Current Reviews


Batgirl #21

Posted: Monday, May 16, 2011
By: Danny Djeljosevic

Bryan Q. Miller
Dustin Nguyen, Derek Fridolfs (i), Guy Major (c), Carlos M. Mangual (l)
Previously it wasn't important to reading Batgirl, but I just found out the backstory of Proxy, Batgirl's wheelchair-bound sidekick, and it's really fucked up. So, I'm going to share with you.

She used to be Wendy Harris of "Wendy and Marvin" Superfriends fame, imported into Teen Titans a few years ago until tragedy struck in issue #62: their Wonderdog turned out to be some kind of demon that ate Marvin and put Wendy in a coma. At some point Wendy recovered from her coma, but found herself paralyzed and in the pages of Batgirl as Proxy, the Oracle to Batgirl's Batman. Apologies for the Bat-reflexive analogy, Internet.

I'm a relative latecomer to Batgirl, but this is the first issue for me that's directly addressed that event. Personally, I find Proxy in general as bit problematic. Oracle mentoring another talented wheelchair-bound person who's in the position she once found herself in is actually a sound concept, but that Proxy fulfills the same exact purpose as Oracle is more than a little silly. However, Bryan Q. Miller's apparently writing Proxy's subplot as one of recovery, both physical and mental. Which is a thoughtful thing to do, because otherwise the DCU is a place where female brainpower is equated with physical disability, which is stupid beyond words.

More importantly, Miller scripts like someone who's written things other than superhero comic books. In other words, he has faith in Proxy's character-driven subplot, and gives it as much attention as he gives to Batgirl's battle with the sonic-themed supervillain Harmony. By the way, that battle's also really well-done, as Miller writes a good (verbal and combative) back-and-forth between Batgirl and Harmony. Unfortunately, Batgirl's endeavor seems to take a backseat to Proxy's issue, but considering that this issue puts both Batgirl and Proxy in different places, Batgirl #22 may prove the payoff to this issue's setup.

Dustin Nguyen, who we haven't seen since his bravado turn in #18's team-up with Klarion the Witch-Boy, returns to pencil this issue. Batgirl's been juggling a few different (but solid) artists over the past five issues or so, including Ramon Bachs and Pere Pérez, but Nguyen's the best of the bunch in his ability to nail the moody darkness of Gotham at night, the bright daytime where the darkest shadows still loom and, just as importantly, the fight scenes.

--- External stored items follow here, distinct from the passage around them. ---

Lemma euler_prod_le_sum_upto :
  euler_prod x K w L <= 2 * exp (4 * A * (6 * A + 3 * B + 1) + B) * sum_upto x w.
Proof.
  set (T := 6 * A + 3 * B + 1); assert (HT : 1 <= T) by (unfold T; lra).
  pose proof (sum_upto_weight_ge1 x lam Hx Hm Hl) as Hsum; fold w in Hsum.
  assert (0 <= ln x) by (apply ln_nonneg; auto); pose proof (mertens_sum_le K x Hx).
  destruct (Rle_lt_dec T (ln x)) as [Hbig|Hsmall].
  - set (y := exp (ln x / T)).
    assert (Hly : ln y = ln x / T) by apply ln_exp.
    assert (Hly1 : 1 <= ln y).
    { rewrite Hly; apply Rmult_le_reg_r with T; [lra|]; unfold Rdiv; rewrite Rmult_assoc, Rinv_l; lra. }
    assert (Hy : 1 < y) by (rewrite <- exp_0; apply exp_increasing; rewrite <- Hly; lra).
    assert (Hyx : y <= x).
    { rewrite <- (exp_ln x) by lra; apply exp_le; apply Rmult_le_reg_r with T; [lra|].
      unfold Rdiv; rewrite Rmult_assoc, Rinv_l by lra; nra. }
    assert (Hrat : ln x / ln y = T) by (rewrite Hly; field; lra).
    pose proof (euler_prod_rankin y ltac:(lra) Hly1 Hyx ltac:(rewrite Hrat; unfold T; lra)).
    pose proof (rsum_inv_between_le K y x Hy).
    assert (mertens_sum K x / ln y <= 2 * T).
    { apply Rmult_le_reg_r with (ln y); [lra|]; unfold Rdiv; rewrite Rmult_assoc, Rinv_l by lra.
      rewrite Hly; replace (2 * T * (ln x / T)) with (2 * ln x) by (field; lra); lra. }
    assert (rsum L (fun p => if prime_dec (Z.of_nat p) then inv_between y x p else 0) <= 4 * T)
      by (unfold L; lra).
    assert (exp (A * rsum L (fun p => if prime_dec (Z.of_nat p) then inv_between y x p else 0) + B)
            <= exp (4 * A * T + B)) by (apply exp_le; nra).
    pose proof (euler_prod_weight_ge1 y ltac:(lra)).
    eapply Rle_trans; [apply (euler_prod_ratio y); lra|].
    replace (2 * exp (4 * A * T + B) * sum_upto x w) with (2 * sum_upto x w * exp (4 * A * T + B)) by ring.
    apply Rmult_le_compat; auto; [lra|left; apply exp_pos].
  - pose proof (euler_prod_ratio 1 (Rle_refl _) Hx) as Hratio1; rewrite euler_prod_at_1 in Hratio1.
    pose proof (rsum_inv_between_1_le K x).
    assert (rsum L (fun p => if prime_dec (Z.of_nat p) then inv_between 1 x p else 0) <= 4 * T)
      by (unfold L; lra).
    assert (exp (A * rsum L (fun p => if prime_dec (Z.of_nat p) then inv_between 1 x p else 0) + B)
            <= exp (4 * A * T + B)) by (apply exp_le; nra).
    pose proof (exp_pos (4 * A * T + B)); nra.
Qed.

End EulerProduct.

Lemma additive_C_components th : additive_C th ->
  additive_R (fun n => fst (th n)) /\ additive_R (fun n => snd (th n)).
Proof. intros Hth; split; intros m n Hm Hn G; now rewrite Hth. Qed.

Lemma sum_upto_Cnorm2_sub x lam th (c : Cpx) :
  sum_upto x (fun n => lam n / INR n * Cnorm2 (Csub (th n) c)) =
  sum_upto x (fun n => weight lam n * ((fst (th n) - fst c) * (fst (th n) - fst c))) +
  sum_upto x (fun n => weight lam n * ((snd (th n) - snd c) * (snd (th n) - snd c))).
Proof.
  rewrite <- sum_upto_plus; apply sum_upto_ext; intros n.
  unfold Cnorm2, Csub, weight; simpl; ring.
Qed.

Lemma frakS_split lam th x : frakS lam th x =
  pp_sum_from 1 x (fun q => lam q * (fst (th q) * fst (th q)) / INR q) +
  pp_sum_from 1 x (fun q => lam q * (snd (th q) * snd (th q)) / INR q).
Proof.
  unfold frakS; rewrite <- pp_sum_from_plus; apply pp_sum_from_ext.
  intros n; unfold Cnorm2, Rdiv; ring.
Qed.

Lemma pp_sum_from_sqr_nonneg x lam t : (forall n, 0 <= lam n) ->
  0 <= pp_sum_from 1 x (fun q => lam q * (t q * t q) / INR q).
Proof.
  intros Hl; apply pp_sum_from_nonneg; intros n Hn.
  apply Rmult_le_pos; [apply Rmult_le_pos; [auto|apply Rle_0_sqr]|].
  left; apply Rinv_0_lt_compat, lt_0_INR; auto.
Qed.

Theorem lemma5p1 :
  forall A B : R, 0 < A -> 0 < B ->
  exists K : R, 0 < K /\
  forall (x : R) (lam : nat -> R) (th : nat -> Cpx),
    1 <= x ->
    multiplicative_R lam ->
    (forall n, 0 <= lam n) ->
    in_M x A B lam ->
    additive_C th ->
    sum_upto x (fun n => lam n / INR n * Cnorm2 (Csub (th n) (Theta lam th x)))
    <= K * frakS lam th x * sum_upto x (fun n => lam n / INR n).
Proof.
  intros A B HA HB.
  set (C1 := 1 + (2 * (A * A) + 2 * (B * B))).
  set (C2 := 2 * exp (4 * A * (6 * A + 3 * B + 1) + B)).
  exists (C1 * C2); split; [unfold C1, C2; pose proof (exp_pos (4 * A * (6 * A + 3 * B + 1) + B)); nra|].
  intros x lam th Hx Hm Hl HM Hth.
  destruct (additive_C_components th Hth) as [Hfst Hsnd].
  pose proof (real_variance_bound A B x lam _ HA Hx Hm Hl HM Hfst) as Hre.
  pose proof (real_variance_bound A B x lam _ HA Hx Hm Hl HM Hsnd) as Him.
  pose proof (euler_prod_le_sum_upto A B x lam HA HB Hx Hm Hl HM) as HP; cbv beta in Hre, Him.
  pose proof (pp_sum_from_sqr_nonneg x lam (fun n => fst (th n)) Hl).
  pose proof (pp_sum_from_sqr_nonneg x lam (fun n => snd (th n)) Hl).
  rewrite sum_upto_Cnorm2_sub, frakS_split; change (fun n => lam n / INR n) with (weight lam).
  change (1 + (2 * (A * A) + 2 * (B * B))) with C1 in Hre, Him; change (2 * exp (4 * A * (6 * A + 3 * B + 1) + B)) with C2 in HP.
  eapply Rle_trans; [apply Rplus_le_compat; [exact Hre|exact Him]|].
  set (P := euler_prod _ _ _ _) in *; set (S := sum_upto x (weight lam)) in *.
  set (s1 := pp_sum_from 1 x (fun q => lam q * (fst (th q) * fst (th q)) / INR q)) in *.
  set (s2 := pp_sum_from 1 x (fun q => lam q * (snd (th q) * snd (th q)) / INR q)) in *.
  replace (P * (C1 * s1) + P * (C1 * s2)) with (P * (C1 * (s1 + s2))) by ring.
  replace (C1 * C2 * (s1 + s2) * S) with (C2 * S * (C1 * (s1 + s2))) by ring.
  apply Rmult_le_compat_r; [unfold C1; nra|exact HP].
Qed.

Frequent artist changes are the bane of superhero comics these days, but with Batgirl's often self-contained issues it just about works.

While I can (almost) take an artist changing every issue or two, DC needs to get its shit together when it comes to letterers. The previous issue had work from David Sharpe that not only seemed very copy-and-paste, but integrated with the art quite poorly. This month we have Carlos M. Mangual performing much better than his predecessor, with a surprisingly wide variety of dynamic SFX fonts that often move with Nguyen's art. Miller writes some incredibly silly sound effects -- not exactly Pak/Van Lente/Cosby levels of silly, but there's a cute comedy to using DAB to punctuate the sound of Barbara Gordon putting a napkin to her mouth. Mangual thankfully gets that comedy, lettering in a tiny DAB with thin lines. If dabbing a napkin makes a sound, then the letters should be remarkably different from the ones that make the CRACK a few pages earlier. Mangual's a keeper, so I hope to see him next month.

My production complaints aside, Batgirl #21 is another solid issue in this underrated series. Sales figures suggest that the book is doing pretty decent, but I feel like they could be better. Batgirl should be put in the hands of every single Buffy the Vampire Slayer reader chomping at the bit for Season 9 to come out.